DIRECTIONS FOR THIS TASK: Scan the entries that follow for the word "beta", then report every line in which it appears.

[Items listed in a dataset]
((

(* Let $f:(0,\infty)\to\mathbb{R}$ be real analytic and not identically zero. Let $\mathcal I=\{x\in(0,\infty):f(x)=0\}$. Assume that: (1) for every sequence $x_j\in(0,\infty)$ with $x_j\to0$ or $x_j\to\infty$ and such that $\mathrm{dist}(x_j,\mathcal I)\to0$, we have $\kappa(f,x_j)\to\infty$; (2) both as $x\to0$ and as $x\to\infty$ we have $\limsup|H(f,x)|\leq C$ for some constant $C>0$, where $H(f,x)=\frac{x^2f(x)f''(x)}{f(x)^2+x^2f'(x)^2}$. The part of this hypothesis concerning $x\to0$ is automatically satisfied if $f$ admits an analytic extension to $(-\epsilon,\infty)$ for some $\epsilon>0$. Then $f$ is amenable.
   Context: Relative distance on $\mathbb{R}$: $\mathrm{dist}(x,y)=0$ if $x=y=0$, $\mathrm{dist}(x,y)=|\log(y/x)|$ if $xy>0$, and $\mathrm{dist}(x,y)=\infty$ otherwise; for a set $S$, $\mathrm{dist}(x,S)=\inf_{s\in S}\mathrm{dist}(x,s)$. For a real analytic function $f$ on an open set $\Omega\subseteq\mathbb{R}$, not identically zero, the condition number is $\kappa(f,x)=0$ if $x=0$, $\kappa(f,x)=\infty$ if $x\neq0$ and $f(x)=0$, and $\kappa(f,x)=|x|\,|f'(x)|/|f(x)|$ otherwise; set $\mu(f,x)=1+\kappa(f,x)$. The function $f:\Omega\to\mathbb{R}$ is called amenable if there is a constant $C>0$ such that for every $x\in\Omega$ with $\kappa(f,x)<\infty$, the set $B_x=\{y\in\mathbb{R}:\mathrm{dist}(y,x)<1/(C\mu(f,x))\}$ is contained in $\Omega$, and $\mu(f,y)\leq C\mu(f,x)$ for all $y\in B_x$. *)

From Stdlib Require Import Reals Lra.
From Coquelicot Require Import Coquelicot.
Open Scope R_scope.

Definition reldist (x y : R) : Rbar :=
  if Req_EM_T x 0 then (if Req_EM_T y 0 then Finite 0
                        else p_infty)
  else if Rlt_dec 0 (x * y) then Finite (Rabs (ln (y / x)))
  else p_infty.

Definition reldist_set (x : R) (S : R -> Prop) : Rbar :=
  Rbar_glb (fun d => exists s, S s /\ d = reldist x s).

Definition real_analytic_on (Omega : R -> Prop) (f : R -> R) : Prop :=
  forall x0, Omega x0 ->
    exists (a : nat -> R) (r : R), 0 < r /\
      forall x, Rabs (x - x0) < r -> Omega x /\ is_pseries a (x - x0) (f x).

Definition kappa (f : R -> R) (x : R) : Rbar :=
  if Req_EM_T x 0 then Finite 0
  else if Req_EM_T (f x) 0 then p_infty
  else Finite (Rabs x * Rabs (Derive f x) / Rabs (f x)).

Definition mu (f : R -> R) (x : R) : Rbar := Rbar_plus (Finite 1) (kappa f x).

Definition amenable (Omega : R -> Prop) (f : R -> R) : Prop :=
  exists C : R, 0 < C /\
    forall x, Omega x -> is_finite (kappa f x) ->
      (forall y, Rbar_lt (reldist y x) (Finite (/ (C * real (mu f x)))) -> Omega y) /\
      (forall y, Rbar_lt (reldist y x) (Finite (/ (C * real (mu f x)))) ->
                 Rbar_le (mu f y) (Finite (C * real (mu f x)))).

Definition Rbar_seq_cv (u : nat -> Rbar) (l : Rbar) : Prop :=
  match l with
  | Finite l0 => forall eps, 0 < eps -> exists N, forall n, (N <= n)%nat ->
                   exists r, u n = Finite r /\ Rabs (r - l0) < eps
  | p_infty => forall M, exists N, forall n, (N <= n)%nat -> Rbar_lt (Finite M) (u n)
  | m_infty => forall M, exists N, forall n, (N <= n)%nat -> Rbar_lt (u n) (Finite M)
  end.

Definition Hfun (f : R -> R) (x : R) : R :=
  x ^ 2 * f x * Derive_n f 2 x / (f x ^ 2 + x ^ 2 * (Derive f x) ^ 2).

Definition pos_half_line (x : R) : Prop := 0 < x.

From Stdlib Require Import Reals Lra Lia Psatz Classical Arith Wf_nat.
From Coquelicot Require Import Coquelicot.
Open Scope R_scope.

(* Put g(t) = f(e^t) and h = g'/g, so that mu(f,x) = 1 + |h(ln x)|.  A bound |H(f,x)| <= K
   on (0,oo) becomes the Riccati-type inequality |h'| <= L (1 + |h|)^2 with L = K + 2, so
   1/sqrt(1 + h^2) is 2L-Lipschitz.  Hence on a log-interval of length 1/(4 L mu(f,x)) around
   ln x the function |h| at most doubles and, (ln g^2)' = 2h being bounded there, g has no
   zero: this is amenability with C = 4L + 3.
   H is bounded near 0 and oo by hypothesis (2) and on compact subintervals by analyticity:
   near a zero of order m, f, f' and f'' vanish to orders m, m - 1 and m - 2, which keeps H
   bounded. *)

Lemma continuity_pt_of_ex_derive (phi : R -> R) (x : R) :
  ex_derive phi x -> continuity_pt phi x.
Proof.
  intros Hd. apply continuity_pt_filterlim.
  apply (@ex_derive_continuous R_AbsRing R_NormedModule), Hd.
Qed.

Lemma continuity_pt_eps_delta (phi : R -> R) (x eps : R) :
  continuity_pt phi x -> 0 < eps ->
  exists d, 0 < d /\ forall y, Rabs (y - x) < d -> Rabs (phi y - phi x) < eps.
Proof.
  intros Hc Heps.
  destruct (proj1 (continuity_pt_locally phi x) Hc (mkposreal eps Heps)) as [d Hd].
  exists d. split; [apply cond_pos|]. intros y Hy. exact (Hd y Hy).
Qed.
Lemma cm_wrt_eq0 beta p q : is_density_wrt p -> is_density_wrt q ->
  cm_wrt beta p q = 0 <-> {ae mu, forall x, p x = q x}.
Proof.
move=> [mp [p0 _]] [mq [q0 _]].
have mc := measurable_EFin_comp (measurable_cm_integrand beta mp mq).
split.
  move=> /eqP; rewrite /cm_wrt mule_eq0 eqe invr_eq0 pnatr_eq0 /= => /eqP.
  under eq_integral => x _ do
    rewrite -(@gee0_abs _ (cm_integrand beta (p x) (q x))%:E) ?lee_fin ?cm_integrand_ge0 //.
  move=> /(ae_eq_integral_abs mu measurableT mc); apply: filterS => x /= h.
  exact: (cm_integrand_eq0 (p0 x) (q0 x) (congr1 fine (h I))).
move=> pq; rewrite /cm_wrt (ae_eq_integral (cst 0)) ?integral0 ?mule0 //.
by apply: filterS pq => x /= -> _; rewrite cm_integrandii.
Qed.

End integral_metric.

Lemma near_le_of_cvge0 (R : realType) {I : Type} {F : set_system I} {FF : Filter F}
    (w : I -> \bar R) (e : R) :
  (0 < e)%R -> w i @[i --> F] --> 0%E -> \forall i \near F, (w i <= e%:E)%E.
Proof.
move=> e0 cw; apply: (cw [set y | y <= e%:E]%E); apply/nbhs_EFin.
by apply: filterS (lt_le_nbhsl e0) => x /=; rewrite lee_fin.
Qed.

Section cm_continuity.
Context d (T : measurableType d) (R : realType) (mu : {measure set T -> \bar R}).
Implicit Types (p q g h err : T -> R) (beta e : R).
Local Open Scope ereal_scope.

Lemma integral_excess_small g : measurable_fun [set: T] g -> (forall x, 0 <= g x)%R ->
  \int[mu]_x (g x)%:E < +oo -> forall e, (0 < e)%R ->
  exists2 K, (0 <= K)%R & \int[mu]_x (Num.max (g x - K) 0)%:E <= e%:E.
Proof.
move=> mg g0 ig e e0.
pose f_ n x := (Num.max (g x - n%:R) 0)%:E.
have f_cvg : {ae mu, forall x, [set: T] x -> f_ ^~ x @ \oo --> (cst 0 : T -> \bar R) x}.
  apply: aeW => x _; apply: cvg_near_cst.
  apply: filterS (nbhs_infty_ger (g x)) => n gn.
  by rewrite /f_; congr EFin; apply/max_idPr; rewrite subr_le0.
have g_int : mu.-integrable [set: T] (fun x => (g x)%:E).
  apply/integrableP; split; first exact: measurable_EFin_comp.
  by under eq_integral do rewrite gee0_abs ?lee_fin //.
have f_dom : {ae mu, forall x n, [set: T] x -> `|f_ n x| <= (g x)%:E}.
  apply: aeW => x n _; rewrite /f_ gee0_abs ?lee_fin ?le_max ?lexx ?orbT //.
  by rewrite ge_max g0 andbT lerBlDr lerDl.
have [_ _] := dominated_convergence measurableT
  (fun n => measurable_EFin_comp (measurable_excess n%:R mg)) (measurable_cst _)
  f_cvg g_int f_dom.
rewrite integral0 => /(near_le_of_cvge0 e0) [N _ fN].
by exists N%:R => //; exact: (fN N (leqnn N)).
Qed.
Definition laplaceE (g1 g2 : R -> R) (u : R -> R -> R) (s t : R) : R :=
  / sqrt (metDet g1 g2 s t) *
  ( dS (fun a b => (metG g1 g2 a b * dS u a b - metF g1 g2 a b * dT u a b)
                   / sqrt (metDet g1 g2 a b)) s t
  + dT (fun a b => (metE g1 g2 a b * dT u a b - metF g1 g2 a b * dS u a b)
                   / sqrt (metDet g1 g2 a b)) s t ).

Definition C2_interior (u : R -> R -> R) : Prop :=
  forall s t, 0 < s ->
    ex_derive (fun x => u x t) s /\ ex_derive (fun y => u s y) t /\
    ex_derive (fun x => dS u x t) s /\ ex_derive (fun y => dS u s y) t /\
    ex_derive (fun x => dT u x t) s /\ ex_derive (fun y => dT u s y) t /\
    continuity_2d_pt u s t /\ continuity_2d_pt (dS u) s t /\
    continuity_2d_pt (dT u) s t /\ continuity_2d_pt (dS (dS u)) s t /\
    continuity_2d_pt (dT (dS u)) s t /\ continuity_2d_pt (dS (dT u)) s t /\
    continuity_2d_pt (dT (dT u)) s t.

Definition continuous_on_end (u : R -> R -> R) : Prop :=
  forall s t eps, 0 <= s -> 0 < eps -> exists delta, 0 < delta /\
    forall s' t', 0 <= s' -> Rabs (s' - s) < delta -> Rabs (t' - t) < delta ->
      Rabs (u s' t' - u s t) < eps.

(** A function on the end E, i.e. on [0,oo) x S^1 (2pi-periodic in theta),
    continuous up to the boundary and harmonic in the interior for the
    induced metric. *)
Definition harmonic_on_end (g1 g2 : R -> R) (u : R -> R -> R) : Prop :=
  (forall s t, 0 <= s -> u s (t + 2 * PI) = u s t) /\
  continuous_on_end u /\ C2_interior u /\
  (forall s t, 0 < s -> laplaceE g1 g2 u s t = 0).

Definition bounded_on_end (u : R -> R -> R) : Prop :=
  exists M, forall s t, 0 <= s -> Rabs (u s t) <= M.

(** Parabolicity: every bounded harmonic function on E is determined by its
    boundary values on the boundary circle s = 0. *)
Definition parabolic_end (g1 g2 : R -> R) : Prop :=
  forall u v : R -> R -> R,
    harmonic_on_end g1 g2 u -> bounded_on_end u ->
    harmonic_on_end g1 g2 v -> bounded_on_end v ->
    (forall t, u 0 t = v 0 t) ->
    forall s t, 0 <= s -> u s t = v s t.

))

OUTPUT FOR THIS TASK:
Lemma cm_wrt_eq0 beta p q : is_density_wrt p -> is_density_wrt q ->
  cm_wrt beta p q = 0 <-> {ae mu, forall x, p x = q x}.
have mc := measurable_EFin_comp (measurable_cm_integrand beta mp mq).
    rewrite -(@gee0_abs _ (cm_integrand beta (p x) (q x))%:E) ?lee_fin ?cm_integrand_ge0 //.
Implicit Types (p q g h err : T -> R) (beta e : R).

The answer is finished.